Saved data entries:
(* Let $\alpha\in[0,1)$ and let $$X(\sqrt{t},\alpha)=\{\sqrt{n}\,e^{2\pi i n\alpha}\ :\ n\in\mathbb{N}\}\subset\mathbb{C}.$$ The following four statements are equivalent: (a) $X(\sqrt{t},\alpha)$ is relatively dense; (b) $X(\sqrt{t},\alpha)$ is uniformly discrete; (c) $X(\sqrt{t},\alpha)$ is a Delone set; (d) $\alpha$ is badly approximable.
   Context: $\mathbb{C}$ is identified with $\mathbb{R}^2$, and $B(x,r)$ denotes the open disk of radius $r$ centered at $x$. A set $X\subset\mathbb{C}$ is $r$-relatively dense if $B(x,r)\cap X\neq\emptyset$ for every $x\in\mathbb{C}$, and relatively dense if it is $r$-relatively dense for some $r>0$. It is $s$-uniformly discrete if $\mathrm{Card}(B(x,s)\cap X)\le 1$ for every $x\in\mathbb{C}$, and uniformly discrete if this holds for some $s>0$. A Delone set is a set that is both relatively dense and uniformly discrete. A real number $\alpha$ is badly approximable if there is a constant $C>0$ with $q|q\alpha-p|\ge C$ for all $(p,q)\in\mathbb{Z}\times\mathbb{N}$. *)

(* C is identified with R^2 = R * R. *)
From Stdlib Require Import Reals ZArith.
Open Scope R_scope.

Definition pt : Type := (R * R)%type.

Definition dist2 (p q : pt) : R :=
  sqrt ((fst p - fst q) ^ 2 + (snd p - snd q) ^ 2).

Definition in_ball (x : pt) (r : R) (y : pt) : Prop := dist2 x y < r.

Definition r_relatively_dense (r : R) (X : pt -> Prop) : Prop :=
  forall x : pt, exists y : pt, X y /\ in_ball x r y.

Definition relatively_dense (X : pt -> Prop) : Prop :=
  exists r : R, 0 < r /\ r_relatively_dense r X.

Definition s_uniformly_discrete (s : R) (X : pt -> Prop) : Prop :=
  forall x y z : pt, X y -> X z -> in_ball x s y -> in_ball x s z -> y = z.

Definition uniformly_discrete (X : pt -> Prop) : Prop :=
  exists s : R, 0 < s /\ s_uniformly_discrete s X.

**Exercise objective:**
Using the records given above, list every line that includes the word "mathbb".

**Exercise answer:**
(* Let $\alpha\in[0,1)$ and let $$X(\sqrt{t},\alpha)=\{\sqrt{n}\,e^{2\pi i n\alpha}\ :\ n\in\mathbb{N}\}\subset\mathbb{C}.$$ The following four statements are equivalent: (a) $X(\sqrt{t},\alpha)$ is relatively dense; (b) $X(\sqrt{t},\alpha)$ is uniformly discrete; (c) $X(\sqrt{t},\alpha)$ is a Delone set; (d) $\alpha$ is badly approximable.
   Context: $\mathbb{C}$ is identified with $\mathbb{R}^2$, and $B(x,r)$ denotes the open disk of radius $r$ centered at $x$. A set $X\subset\mathbb{C}$ is $r$-relatively dense if $B(x,r)\cap X\neq\emptyset$ for every $x\in\mathbb{C}$, and relatively dense if it is $r$-relatively dense for some $r>0$. It is $s$-uniformly discrete if $\mathrm{Card}(B(x,s)\cap X)\le 1$ for every $x\in\mathbb{C}$, and uniformly discrete if this holds for some $s>0$. A Delone set is a set that is both relatively dense and uniformly discrete. A real number $\alpha$ is badly approximable if there is a constant $C>0$ with $q|q\alpha-p|\ge C$ for all $(p,q)\in\mathbb{Z}\times\mathbb{N}$. *)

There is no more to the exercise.